To use the MindSpore Lite parallel inference framework, perform the following steps:

  1. Create a configuration item: Create a multi-model concurrent inference configuration item RunnerConfig, which is used to configure multiple model concurrency.

  2. Initialization: initialization before multi-model concurrent inference.

  3. Execute concurrent inference: Use the Predict interface of ModelParallelRunner to perform concurrent inference on multiple Models.

  4. Release memory: When you do not need to use the MindSpore Lite concurrent inference framework, you need to release the ModelParallelRunner and related Tensors you created.

Create configuration

The configuration item will save some basic configuration parameters required for concurrent reasoning, which are used to guide the number of concurrent models, model compilation and model execution.

The following sample code from main.cc demonstrates how to create a RunnerConfig and configure the number of workers for concurrent inference:

// use default param init context
MSContext context = new MSContext();
context.init(1,0);
boolean ret = context.addDeviceInfo(DeviceType.DT_CPU, false, 0);
if (!ret) {
    System.err.println("init context failed");
    context.free();
    return ;
}
// init runner config
RunnerConfig config = new RunnerConfig();
config.init(context);
config.setWorkersNum(2);

For details on the configuration method of Context, see Context.

Multi-model concurrent inference currently only supports CPUDeviceInfo and GPUDeviceInfo two different hardware backends. When setting the GPU backend, you need to set the GPU backend first and then the CPU backend, otherwise it will report an error and exit.

Multi-model concurrent inference does not support FP32 type data reasoning. Binding cores only supports no core binding or binding large cores. It does not support the parameter settings of the bound cores, and does not support configuring the binding core list.

Initialization

When using MindSpore Lite to execute concurrent reasoning, ModelParallelRunner is the main entry of concurrent reasoning.
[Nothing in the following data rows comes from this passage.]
(* Let $k\ge1$ and let $\mathcal{C}$ be a set of admissible $(k+1)$-words. Let $W_k\langle\mathcal{C}\rangle$ be the smallest $T_k$-invariant subspace of $V_k$ containing $\psi_k(V_1)$ and the vectors $[\eta w]$ for $w\in\mathcal{C}$. Then $T_k\langle\mathcal{C}\rangle$ maps $W_k\langle\mathcal{C}\rangle$ into itself, and the induced map on $V_k/W_k\langle\mathcal{C}\rangle$ is nilpotent.
   Context: Let $\mathcal{A}$ be a finite alphabet of $r$ symbols and $T=(T_{x,y})$ an $r\times r$ matrix with entries in $\{0,1\}$. An admissible $k$-word is a string $a_1\cdots a_k$ of symbols with $T_{a_{i+1},a_i}=1$ for $1\le i\le k-1$. $V_k$ is the complex vector space with basis $\{[w]\}$ indexed by admissible $k$-words. $\psi_k:V_1\to V_k$ is linear with $\psi_k([a])$ the sum of $[w]$ over all admissible $k$-words beginning with $a$. $T_k:V_k\to V_k$ is linear with $T_k([a_1\cdots a_k])=\sum[a_2\cdots a_kx]$, summed over symbols $x$ with $a_2\cdots a_kx$ admissible. For a word $w$, $\beta w$ and $\eta w$ denote the words obtained by deleting the last and the first symbol, respectively. For an admissible $(k+1)$-word $w$, $E_w:V_k\to V_k$ is the linear map with $E_w[\beta w]=[\eta w]$ and $E_w[u]=0$ for every other admissible $k$-word $u$. For a set $\mathcal{C}$ of admissible $(k+1)$-words, $T_k\langle\mathcal{C}\rangle=T_k-\sum_{w\in\mathcal{C}}E_w$. *)

From HB Require Import structures.
From mathcomp Require Import all_boot all_order all_algebra.
From mathcomp Require Import reals Rstruct complex.
Set Implicit Arguments. Unset Strict Implicit. Unset Printing Implicit Defensive.
Import GRing.Theory.
Local Open Scope ring_scope.

Definition C : fieldType := (Rdefinitions.R)[i].

Section Words.
(* Alphabet 'I_r (r symbols) and 0/1 transition matrix T (entries in nat). *)
Variables (r : nat) (T : 'M[nat]_r).

Definition admissible (s : seq 'I_r) : bool :=
  sorted (fun a b : 'I_r => T b a == 1%N) s.

Definition Adm (k : nat) : finType := {w : k.-tuple 'I_r | admissible w}.

Definition word (k : nat) (u : Adm k) : seq 'I_r := val (val u).

Definition V (k : nat) : vectType C := {ffun Adm k -> C^o}.

(* [s] : the basis vector of the word s (it is the basis vector [u] when
   s is the admissible k-word u). *)
Definition bvec (k : nat) (s : seq 'I_r) : V k :=
  [ffun u : Adm k => ((word u == s) : nat)%:R].

Definition beta (s : seq 'I_r) : seq 'I_r := take (size s).-1 s.
Definition eta (s : seq 'I_r) : seq 'I_r := behead s.

Definition psi_basis (k : nat) (a : 'I_r) : V k :=
  \sum_(u : Adm k | ohead (word u) == Some a) bvec k (word u).

Definition Tk_basis (k : nat) (u : Adm k) : V k :=
  \sum_(x : 'I_r | admissible (rcons (eta (word u)) x))
     bvec k (rcons (eta (word u)) x).

Definition Tk (k : nat) (v : V k) : V k :=
  \sum_(u : Adm k) v u *: Tk_basis u.

Definition Ew (k : nat) (w : Adm k.+1) (v : V k) : V k :=
  \sum_(u : Adm k | word u == beta (word w)) v u *: bvec k (eta (word w)).

Definition TkC (k : nat) (Cs : {set Adm k.+1}) (v : V k) : V k :=
  Tk v - \sum_(w in Cs) Ew w v.

Definition Tk_invariant (k : nat) (U : {vspace V k}) : Prop :=
  forall v, v \in U -> Tk v \in U.

Definition contains_gens (k : nat) (Cs : {set Adm k.+1}) (U : {vspace V k})
  : Prop :=
  (forall a : 'I_r, psi_basis k a \in U) /\
  (forall w : Adm k.+1, w \in Cs -> bvec k (eta (word w)) \in U).

Definition is_Wk (k : nat) (Cs : {set Adm k.+1}) (W : {vspace V k}) : Prop :=
  [/\ Tk_invariant W, contains_gens Cs W &
      forall U : {vspace V k}, Tk_invariant U -> contains_gens Cs U ->
        (W <= U)%VS].

End Words.

From Pilot Require Import Defs.
From HB Require Import structures.
From mathcomp Require Import all_boot all_order all_algebra.
From mathcomp Require Import reals Rstruct complex.
Set Implicit Arguments. Unset Strict Implicit. Unset Printing Implicit Defensive.
Local Open Scope ring_scope.
Import GRing.Theory.

(* T_k<C> differs from T_k by a map with values in W, so its iterates agree
   with those of T_k modulo the T_k-invariant subspace W.  Reading off
   coordinates, (T_k^j v)[t] is the sum of v[u] over the words u whose last
   k - j letters are the first k - j letters of t; for j = k - 1 this only
   depends on the first letter of t, i.e. T_k^(k-1) v lies in psi_k(V_1),
   which is contained in W. *)

Section Perturbation.
Variables (K : fieldType) (vT : vectType K) (U : {vspace vT}) (f g : vT -> vT).
Hypothesis fB : {morph f : x y / x - y}.
Hypothesis f_stable : forall v, v \in U -> f v \in U.
Hypothesis gBf_mem : forall v, g v - f v \in U.

Lemma perturb_stable v : v \in U -> g v \in U.
Proof. by move=> vU; rewrite -(subrK (f v) (g v)) memvD ?f_stable. Qed.

Lemma iter_perturbB_mem m v : iter m g v - iter m f v \in U.
Proof.
elim: m => [|m IHm]; first by rewrite subrr mem0v.
rewrite !iterS -(subrK (f (iter m g v)) (g _)) -addrA -fB.
by rewrite memvD ?f_stable.
Qed.

End Perturbation.

Lemma drop_eq_cons (A : eqType) (s w : seq A) (a : A) j : (j < size s)%N ->
  (drop j s == a :: w) = (nth a s j == a) && (drop j.+1 s == w).
Proof. by move=> js; rewrite (drop_nth a js) eqseq_cons. Qed.

Lemma sorted_cons_take (A : Type) (e : rel A) (a : A) (s : seq A) m n :
    (0 < m)%N -> (0 < n)%N -> sorted e s -> sorted e (a :: take m s) ->
  sorted e (a :: take n s).
Proof.
case: s m n => [|b s] [|m] [|n] // _ _ s_sorted /andP[eab _] /=.
by rewrite eab -[path _ _ _]/(sorted e (take n.+1 (b :: s))) take_sorted.
Qed.

Section Coordinates.
Variables (r : nat) (T : 'M[nat]_r) (k : nat).
Hypothesis k_gt0 : (0 < k)%N.

Lemma beta_rcons (s : seq 'I_r) x : beta (rcons s x) = s.
Proof. by rewrite /beta size_rcons -cats1 take_size_cat. Qed.

Lemma size_word (u : Adm T k) : size (word u) = k.
Proof. exact: size_tuple. Qed.

Lemma admissible_word (u : Adm T k) : admissible T (word u).
Proof. exact: valP u. Qed.

Lemma word_eq (u t : Adm T k) : (word u == word t) = (u == t).
Proof. by rewrite /word !val_eqE. Qed.

Lemma word_cons (u : Adm T k) : exists a s, word u = a :: s.
Proof.
by move: (size_word u) k_gt0; case: (word u) => [<- //|a s _ _]; exists a, s.
Qed.

Lemma bvec_wordE (u t : Adm T k) : bvec T k (word u) t = (t == u)%:R.
Proof. by rewrite ffunE word_eq. Qed.

Lemma sum_word_eq (w : seq 'I_r) (x : C) :
  \sum_(s : Adm T k | word s == w) x =
    if (size w == k) && admissible T w then x else 0.
Proof.
case: ifP => [/andP[sw aw] | wNadm].
  pose s0 : Adm T k := exist _ (Tuple sw) aw.
  by rewrite (eq_bigl (pred1 s0)) ?big_pred1_eq // => s; rewrite /= -word_eq.
apply: big1 => s /eqP ws; move: wNadm.
by rewrite -ws size_word admissible_word eqxx.
Qed.

Lemma psi_basisE a (t : Adm T k) :
  psi_basis T k a t = (ohead (word t) == Some a)%:R.
Proof.
rewrite /psi_basis sum_ffunE big_mkcond (bigD1 t) //= big1 ?addr0 => [|u ut];
  rewrite bvec_wordE.
  by rewrite eqxx; case: ifP.
by rewrite [t == u]eq_sym (negbTE ut) if_same.
Qed.

Lemma Tk_basisE (s t : Adm T k) :
  Tk_basis s t = (Defs.eta (word s) == beta (word t))%:R.
Proof.
have [t' [y t_rcons]] : exists t' y, word t = rcons t' y.
  by have [a [w ->]] := word_cons t; exists (belast a w), (last a w);
    rewrite lastI.
have adm_t : admissible T (rcons t' y) by rewrite -t_rcons admissible_word.
rewrite /Tk_basis sum_ffunE t_rcons beta_rcons.
under eq_bigr => x _ do rewrite ffunE t_rcons eqseq_rcons.
case: eqVneq => [<- | _]; last by rewrite big1.
rewrite (bigD1 y) //= eqxx big1 ?addr0 // => x /andP[_ /negbTE].
by rewrite eq_sym => ->.
Qed.

Lemma TkE (v : V T k) t :
  Tk v t = \sum_(s | Defs.eta (word s) == beta (word t)) v s.
Proof.
rewrite /Tk sum_ffunE [RHS]big_mkcond; apply: eq_bigr => s _.
by rewrite ffunE Tk_basisE; case: eqP => _; [exact: mulr1 | exact: mulr0].
Qed.

Lemma beta_word (t : Adm T k) : beta (word t) = take k.-1 (word t).
Proof. by rewrite /beta size_word. Qed.

Lemma shift_condE j a (s t u : Adm T k) : (j.+1 < k)%N ->
  (Defs.eta (word s) == beta (word t)) && (drop j (word u) == take (k - j) (word s))
  = (word s == nth a (word u) j :: beta (word t))
    && (drop j.+1 (word u) == take (k - j.+1) (word t)).
Proof.
move=> jk; have jk' := ltnW jk; have [b [s' ->]] := word_cons s.
rewrite -(subnSK jk') /= eqseq_cons drop_eq_cons ?size_word //.
case: (eqVneq s' (beta (word t))) => [-> | _]; last by rewrite !andbF.
rewrite beta_word take_takel; last by rewrite -subn1 leq_sub2l.
by rewrite [nth b _ _](set_nth_default a) ?size_word // andbT eq_sym.
Qed.

Lemma sum_shift j (t u : Adm T k) (x : C) : (j.+1 < k)%N ->
  \sum_(s : Adm T k | (Defs.eta (word s) == beta (word t))
            && (drop j (word u) == take (k - j) (word s))) x
  = if drop j.+1 (word u) == take (k - j.+1) (word t) then x else 0.
Proof.
move=> jk; have [a _] := word_cons u.
under eq_bigl do rewrite (@shift_condE j a _ t u jk).
case: ifP => [ut | _]; last by rewrite big1 // => s; rewrite andbF.
under eq_bigl do rewrite andbT.
rewrite sum_word_eq /= beta_word size_takel ?size_word ?leq_pred //.
rewrite prednK ?(leq_trans _ jk) // eqxx /=.
have := drop_sorted j (admissible_word u).
rewrite (drop_nth a) ?size_word ?(ltnW jk) // (eqP ut) => adm_shift.
case: ifP => // /negP[].
apply: (sorted_cons_take (m := k - j.+1) _ _ _ adm_shift).
- by rewrite subn_gt0.
- by rewrite -ltnS prednK ?(leq_trans _ jk).
- exact: admissible_word.
Qed.

Lemma iter_TkE j (v : V T k) t : (j < k)%N ->
  iter j (@Tk _ T k) v t =
    \sum_(u : Adm T k | drop j (word u) == take (k - j) (word t)) v u.
Proof.
elim: j t => [t _ | j IHj t jk].
  rewrite subn0 take_oversize ?size_word // (eq_bigl (pred1 t)) ?big_pred1_eq //.
  by move=> u; rewrite drop0 word_eq.
rewrite iterS TkE.
under eq_bigr => s _ do rewrite (IHj s (ltnW jk)).
rewrite (exchange_big_dep predT) //= [RHS]big_mkcond.
by apply: eq_bigr => u _; rewrite sum_shift.
Qed.

Lemma iter_Tk_predE (v : V T k) :
  iter k.-1 (@Tk _ T k) v =
    \sum_a (\sum_(u : Adm T k | drop k.-1 (word u) == [:: a]) v u)
             *: psi_basis T k a.
Proof.
apply/ffunP => t; rewrite iter_TkE ?prednK // sum_ffunE.
have -> : (k - k.-1 = 1)%N by rewrite -subn1 subKn.
have [b [t' wt]] := word_cons t.
rewrite (bigD1 b) //= [X in _ + X]big1 ?addr0 => [|a ab];
  rewrite ffunE psi_basisE wt /=.
  by rewrite eqxx take0; exact: (esym (mulr1 _)).
by case: eqP => [[ba]|_]; [rewrite ba eqxx in ab | exact: mulr0].
Qed.

Lemma TkB : {morph @Tk _ T k : x y / x - y}.
Proof.
by move=> x y; rewrite /Tk -sumrB; apply: eq_bigr => u _; rewrite !ffunE scalerBl.
Qed.

Lemma EwE (w : Adm T k.+1) (v : V T k) :
  Ew w v = (\sum_(u : Adm T k | word u == beta (word w)) v u)
             *: bvec T k (Defs.eta (word w)).
Proof. by rewrite /Ew scaler_suml. Qed.

End Coordinates.

Theorem lemma1p4 (r : nat) (T : 'M[nat]_r)
    (hT : forall x y : 'I_r, (T x y <= 1)%N)
    (k : nat) (hk : (1 <= k)%N) (Cs : {set Adm T k.+1})
    (W : {vspace V T k}) (hW : is_Wk Cs W) :
  (forall v, v \in W -> TkC Cs v \in W) /\
  (exists m : nat, forall v : V T k, iter m (TkC Cs) v \in W).
Proof.
case: hW => Tk_stable [psi_in eta_in] _.
have TkCBTk_mem v : TkC Cs v - Tk v \in W.
  rewrite /TkC addrAC subrr add0r memvN; apply: memv_suml => w wCs.
  by rewrite EwE memvZ ?eta_in.
split; first exact: perturb_stable Tk_stable TkCBTk_mem.
exists k.-1 => v.
rewrite -(subrK (iter k.-1 (@Tk _ T k) v) (iter k.-1 (TkC Cs) v)).
rewrite memvD ?(iter_perturbB_mem (@TkB _ T k) Tk_stable) // iter_Tk_predE //.
by apply: memv_suml => a _; rewrite memvZ.
Qed.
(* Let $\theta\in\mathbb{R}$ be constant and let $Y(t)=\Delta(t)\theta+\xi(t)$ with scalar measurable signals $Y,\Delta$ and $\xi(t)=a\sin(\omega t+\psi)$, $a,\omega>0$, $\psi\in\mathbb{R}$ unknown. Fix $\lambda>0$ and let $(\cdot)_F:=\frac{\lambda^2}{(\mathcal P+\lambda)^2}(\cdot)$ ($\mathcal P=d/dt$), so that $Y_F=\Delta_F\theta+\xi_F$, and set $\varphi(t):=\mathrm{col}(\ddot\Delta_F(t),-\ddot Y_F(t))$, $\mu:=\mathrm{col}(\theta/\omega^2,1/\omega^2)$, $e_2:=\mathrm{col}(0,1)$, $\mathcal A_\xi(t):=\begin{pmatrix}0&\Delta_F(t)\\-\Delta_F(t)&-1\end{pmatrix}$, $b_\xi(t):=\mathrm{col}(-\Delta_F(t)z(t),0)$. Define $\dot z=-z-Y_F$, $z(0)=0$; $\dot r=\mathcal A_\xi r+b_\xi$, $r(0)=0\in\mathbb{R}^2$; $\dot\Omega=\mathcal A_\xi\Omega-e_2\varphi^\top$, $\Omega(0)=0_{2\times2}$; $\dot\Phi_\xi=\mathcal A_\xi\Phi_\xi$, $\Phi_\xi(0)=I_2$. Then for all $t\ge0$, $z(t)-r_2(t)=(\Phi_\xi)_{2,1}(t)\theta+\Omega_{2,1}(t)\mu_1+\Omega_{2,2}(t)\mu_2$.
   Context: Convention: effects of filter initial conditions (exponentially decaying transients) are neglected, so the filtered sinusoid satisfies exactly $\ddot\xi_F=-\omega^2\xi_F$. *)

From HB Require Import structures.
From mathcomp Require Import all_boot all_order all_algebra.
From mathcomp Require Import all_classical all_reals all_analysis.
Set Implicit Arguments. Unset Strict Implicit. Unset Printing Implicit Defensive.
Import Order.TTheory GRing.Theory Num.Theory.
Import numFieldNormedType.Exports.
Local Open Scope classical_set_scope.
Local Open Scope ring_scope.

Definition dot {R : realType} (f : R -> R) : R -> R := derive1 f.
Definition ddot {R : realType} (f : R -> R) : R -> R := derive1 (derive1 f).

Definition twice_diff {R : realType} (f : R -> R) (t : R) : Prop :=
  (\forall s \near t, derivable f s 1) /\ derivable (derive1 f) t 1.

(* uF = lam^2/(P+lam)^2 u, i.e. uF'' + 2 lam uF' + lam^2 uF = lam^2 u, for t >= 0
   (initial conditions of the filter are neglected: no constraint at t = 0). *)
Definition filtered {R : realType} (lam : R) (u uF : R -> R) : Prop :=
  forall t : R, 0 <= t -> twice_diff uF t /\
    ddot uF t + 2 * lam * dot uF t + lam ^+ 2 * uF t = lam ^+ 2 * u t.

From HB Require Import structures.
From mathcomp Require Import all_boot all_order all_algebra.
From mathcomp Require Import all_classical all_reals all_analysis.
From mathcomp Require Import ring lra.
Import Order.TTheory GRing.Theory Num.Theory.
Import numFieldNormedType.Exports.
Local Open Scope classical_set_scope.
Local Open Scope ring_scope.

(* Put v := (theta - r_1, z - r_2) - (Phi_xi (theta, 0) + Omega mu).  Since
   xi_F'' = - omega^2 xi_F, the filtered output satisfies the regression
   Y_F = Delta_F theta + phi^T mu, which cancels every forcing term, so v solves
   v' = A_xi v with v(0) = 0.  A_xi is skew-symmetric up to the damping
   - e_2 e_2^T, hence |v|^2 is nonincreasing and v vanishes for t >= 0. *)

Section DampedSkewSystem.
Context {R : realType}.
Variables (k d v1 v2 : R -> R).
Hypotheses (v10 : v1 0 = 0) (v20 : v2 0 = 0).
Hypotheses (dv1 : forall s : R, 0 <= s -> derivable v1 s 1)
           (dv2 : forall s : R, 0 <= s -> derivable v2 s 1).
(* Only s > 0 is required: in the application the second equation rests on
   the filter relations, which hold on a neighbourhood of s only when s > 0. *)
Hypothesis v1_ode : forall s : R, 0 < s -> is_derive s 1 v1 (k s * v2 s).
Hypothesis v2_ode :
  forall s : R, 0 < s -> is_derive s 1 v2 (- k s * v1 s - d s * v2 s).
Hypothesis d_ge0 : forall s : R, 0 < s -> 0 <= d s.

Let energy : R -> R := v1 ^+ 2 + v2 ^+ 2.

Lemma is_derive_energy (s : R) :
  0 < s -> is_derive s 1 energy (- (2 * d s * v2 s ^+ 2)).
Proof.
move=> s0.
apply: is_derive_eq (is_deriveD (is_deriveX 2 (v1_ode s s0))
                                (is_deriveX 2 (v2_ode s s0))) _.
by rewrite expr1 /GRing.scale /=; ring.
Qed.

Lemma energy_le0 (t : R) : 0 <= t -> energy t <= 0.
Proof.
move=> t0.
have energy0 : energy 0 = 0 by rewrite /energy !fctE v10 v20 expr0n addr0.
rewrite -energy0; apply: (@ler0_derive1_le_cc _ energy 0 t); last 3 first.
- by rewrite in_itv /= lexx t0.
- by rewrite in_itv /= lexx t0.
- exact: t0.
- move=> s /[!in_itv]/= /andP[s0 _].
  by have [] := is_derive_energy s s0.
- move=> s /[!in_itv]/= /andP[s0 _].
  rewrite derive1E; have [_ ->] := is_derive_energy s s0; rewrite oppr_le0.
  by rewrite mulr_ge0 ?sqr_ge0 // mulr_ge0 ?d_ge0.
- apply: derivable_within_continuous => s /[!in_itv]/= /andP[s0 _].
  by apply: derivableD; apply: derivableX; [apply: dv1 | apply: dv2].
Qed.

Lemma damped_skew_system_eq0 (t : R) : 0 <= t -> v1 t = 0 /\ v2 t = 0.
Proof.
move=> /energy_le0; rewrite /energy !fctE => Et.
have h1 := sqr_ge0 (v1 t); have h2 := sqr_ge0 (v2 t).
by split; apply/eqP; rewrite -sqrf_eq0 eq_le sqr_ge0 andbT; lra.
Qed.

End DampedSkewSystem.

Section NearLinearCombination.
Context {R : realType}.
Implicit Types (f g h : R -> R) (c t : R).

Lemma derive1_near_lincomb {f g h c t} :
  (\forall s \near t, h s = f s * c + g s) ->
  derivable f t 1 -> derivable g t 1 ->
  derive1 h t = derive1 f t * c + derive1 g t.
Proof.
move=> fgh df dg; rewrite !derive1E.
have hE : \near t, (fun s => f s * c + g s) t = h t.
  by move: fgh; apply: filterS => s ->.
rewrite -(near_eq_derive _ hE); apply: derive_val.
apply: is_derive_eq (is_deriveD (is_deriveM (derivableP df) (is_derive_cst c t 1))
                               (derivableP dg)) _.
by rewrite /GRing.scale /=; ring.
Qed.

Lemma ddot_near_lincomb {f g h c t} :
  (\forall s \near t, h s = f s * c + g s) ->
  twice_diff f t -> twice_diff g t ->
  ddot h t = ddot f t * c + ddot g t.
Proof.
move=> fgh [df d2f] [dg d2g]; apply: derive1_near_lincomb d2f d2g.
by apply: filterS3 (nbhs_interior fgh) df dg => s; exact: derive1_near_lincomb.
Qed.

Lemma filtered_sinusoid_regression {theta omega : R} {YF DF xiF : R -> R} {t} :
  omega != 0 -> (\forall s \near t, YF s = DF s * theta + xiF s) ->
  twice_diff DF t -> twice_diff xiF t -> ddot xiF t = - omega ^+ 2 * xiF t ->
  YF t = DF t * theta + ddot DF t * (theta / omega ^+ 2)
         - ddot YF t * (1 / omega ^+ 2).
Proof.
move=> omega_neq0 YF_lin dDF dxiF xiF_osc.
rewrite (ddot_near_lincomb YF_lin dDF dxiF) xiF_osc (nbhs_singleton YF_lin).
by field.
Qed.

End NearLinearCombination.

Theorem proposition5 (R : realType)
  (theta a omega psi lam : R)
  (Y Delta xi YF DeltaF xiF : R -> R)
  (z r1 r2 Om11 Om12 Om21 Om22 Ph11 Ph12 Ph21 Ph22 : R -> R) :
  0 < a -> 0 < omega -> 0 < lam ->
  measurable_fun [set: R] Y -> measurable_fun [set: R] Delta ->
  (forall t : R, xi t = a * sin (omega * t + psi)) ->
  (forall t : R, Y t = Delta t * theta + xi t) ->
  (* filtered signals *)
  filtered lam Y YF -> filtered lam Delta DeltaF -> filtered lam xi xiF ->
  (* transients of the filters neglected (convention) *)
  (forall t : R, 0 <= t -> YF t = DeltaF t * theta + xiF t) ->
  (forall t : R, 0 <= t -> ddot xiF t = - omega ^+ 2 * xiF t) ->
  (* z' = -z - YF, z(0) = 0 *)
  z 0 = 0 ->
  (forall t : R, 0 <= t -> is_derive t 1 z (- z t - YF t)) ->
  (* r' = A_xi r + b_xi, r(0) = 0, A_xi = [[0, DF], [-DF, -1]], b_xi = (-DF z, 0) *)
  r1 0 = 0 -> r2 0 = 0 ->
  (forall t : R, 0 <= t -> is_derive t 1 r1 (DeltaF t * r2 t - DeltaF t * z t)) ->
  (forall t : R, 0 <= t -> is_derive t 1 r2 (- DeltaF t * r1 t - r2 t)) ->
  (* Omega' = A_xi Omega - e2 phi^T, Omega(0) = 0, phi = (ddot DF, - ddot YF) *)
  Om11 0 = 0 -> Om12 0 = 0 -> Om21 0 = 0 -> Om22 0 = 0 ->
  (forall t : R, 0 <= t -> is_derive t 1 Om11 (DeltaF t * Om21 t)) ->
  (forall t : R, 0 <= t -> is_derive t 1 Om12 (DeltaF t * Om22 t)) ->
  (forall t : R, 0 <= t ->
     is_derive t 1 Om21 (- DeltaF t * Om11 t - Om21 t - ddot DeltaF t)) ->
  (forall t : R, 0 <= t ->
     is_derive t 1 Om22 (- DeltaF t * Om12 t - Om22 t - (- ddot YF t))) ->
  (* Phi_xi' = A_xi Phi_xi, Phi_xi(0) = I_2 *)
  Ph11 0 = 1 -> Ph12 0 = 0 -> Ph21 0 = 0 -> Ph22 0 = 1 ->
  (forall t : R, 0 <= t -> is_derive t 1 Ph11 (DeltaF t * Ph21 t)) ->
  (forall t : R, 0 <= t -> is_derive t 1 Ph12 (DeltaF t * Ph22 t)) ->
  (forall t : R, 0 <= t -> is_derive t 1 Ph21 (- DeltaF t * Ph11 t - Ph21 t)) ->
  (forall t : R, 0 <= t -> is_derive t 1 Ph22 (- DeltaF t * Ph12 t - Ph22 t)) ->
  (* conclusion, with mu = (theta / omega^2, 1 / omega^2) *)
  forall t : R, 0 <= t ->
    z t - r2 t = Ph21 t * theta + Om21 t * (theta / omega ^+ 2)
                 + Om22 t * (1 / omega ^+ 2).
Proof.
move=> _ omega0 _ _ _ _ _ _ fD fX YF_lin xiF_osc z0 z_ode r10 r20 r1_ode r2_ode
  O110 O120 O210 O220 O11_ode O12_ode O21_ode O22_ode
  P110 _ P210 _ P11_ode _ P21_ode _ t t0.
pose c1 := theta / omega ^+ 2; pose c2 := 1 / omega ^+ 2.
pose v1 (s : R) := theta - r1 s - theta * Ph11 s - c1 * Om11 s - c2 * Om12 s.
pose v2 (s : R) := z s - r2 s - theta * Ph21 s - c1 * Om21 s - c2 * Om22 s.
have v1_der (s : R) : 0 <= s -> is_derive s 1 v1 (DeltaF s * v2 s).
  move=> s0; apply: is_derive_eq
    (is_deriveB (is_deriveB (is_deriveB (is_deriveB (is_derive_cst theta s 1)
      (r1_ode s s0)) (is_deriveZ theta (P11_ode s s0)))
      (is_deriveZ c1 (O11_ode s s0))) (is_deriveZ c2 (O12_ode s s0))) _.
  by rewrite /v2 /GRing.scale /=; ring.
have v2_der (s : R) (s0 : 0 <= s) :=
  is_deriveB (is_deriveB (is_deriveB (is_deriveB (z_ode s s0) (r2_ode s s0))
    (is_deriveZ theta (P21_ode s s0))) (is_deriveZ c1 (O21_ode s s0)))
    (is_deriveZ c2 (O22_ode s s0)).
have v2_ode (s : R) : 0 < s -> is_derive s 1 v2 (- DeltaF s * v1 s - 1 * v2 s).
  move=> s0; apply: is_derive_eq (v2_der s (ltW s0)) _.
  have [[dDF _] [dxiF _]] := (fD s (ltW s0), fX s (ltW s0)).
  have YF_near : \forall u \near s, YF u = DeltaF u * theta + xiF u.
    by apply: filterS (lt_nbhsr s0) => u /ltW /YF_lin.
  rewrite (filtered_sinusoid_regression (lt0r_neq0 omega0) YF_near dDF dxiF).
    by rewrite /v1 /v2 /c1 /c2 /GRing.scale /=; ring.
  exact/xiF_osc/ltW.
have v10 : v1 0 = 0 by rewrite /v1 r10 P110 O110 O120; ring.
have v20 : v2 0 = 0 by rewrite /v2 z0 r20 P210 O210 O220; ring.
have dv1 (s : R) : 0 <= s -> derivable v1 s 1 by move=> /v1_der [].
have dv2 (s : R) : 0 <= s -> derivable v2 s 1 by move=> /v2_der [].
have [_ v2t] := damped_skew_system_eq0 DeltaF (fun=> 1) v1 v2 v10 v20 dv1 dv2
  (fun s s0 => v1_der s (ltW s0)) v2_ode (fun _ _ => ler01) t t0.
by rewrite /v2 /c1 /c2 in v2t; lra.
Qed.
Through ModelParallelRunner, you can initialize and execute concurrent reasoning. Use the RunnerConfig created in the previous step and call the init interface of ModelParallelRunner to initialize ModelParallelRunner.

The following sample code from main.cc demonstrates how to call Predict to execute inference:

ret = runner.predict(inputs,outputs);
if (!ret) {
    System.err.println("MindSpore Lite predict failed.");
    freeTensor();
    runner.free();
    return;
}

For Initialization of ModelParallelRunner, you do not need to set the RunnerConfig configuration parameters, and the default parameters will be used for concurrent inference of multiple models.

Execute concurrent inference

MindSpore Lite calls the Predict interface of ModelParallelRunner for model concurrent inference.

The following main.cc demonstrates how to call Predict to execute inference.

ret = runner.predict(inputs,outputs);
if (!ret) {
    System.err.println("MindSpore Lite predict failed.");
    freeTensor();
    runner.free();
    return;
}

Memory release

When you do not need to use the MindSpore Lite reasoning framework, you need to release the created ModelParallelRunner. The following main.cc demonstrates how to free memory before the end of the program.

freeTensor();
runner.free();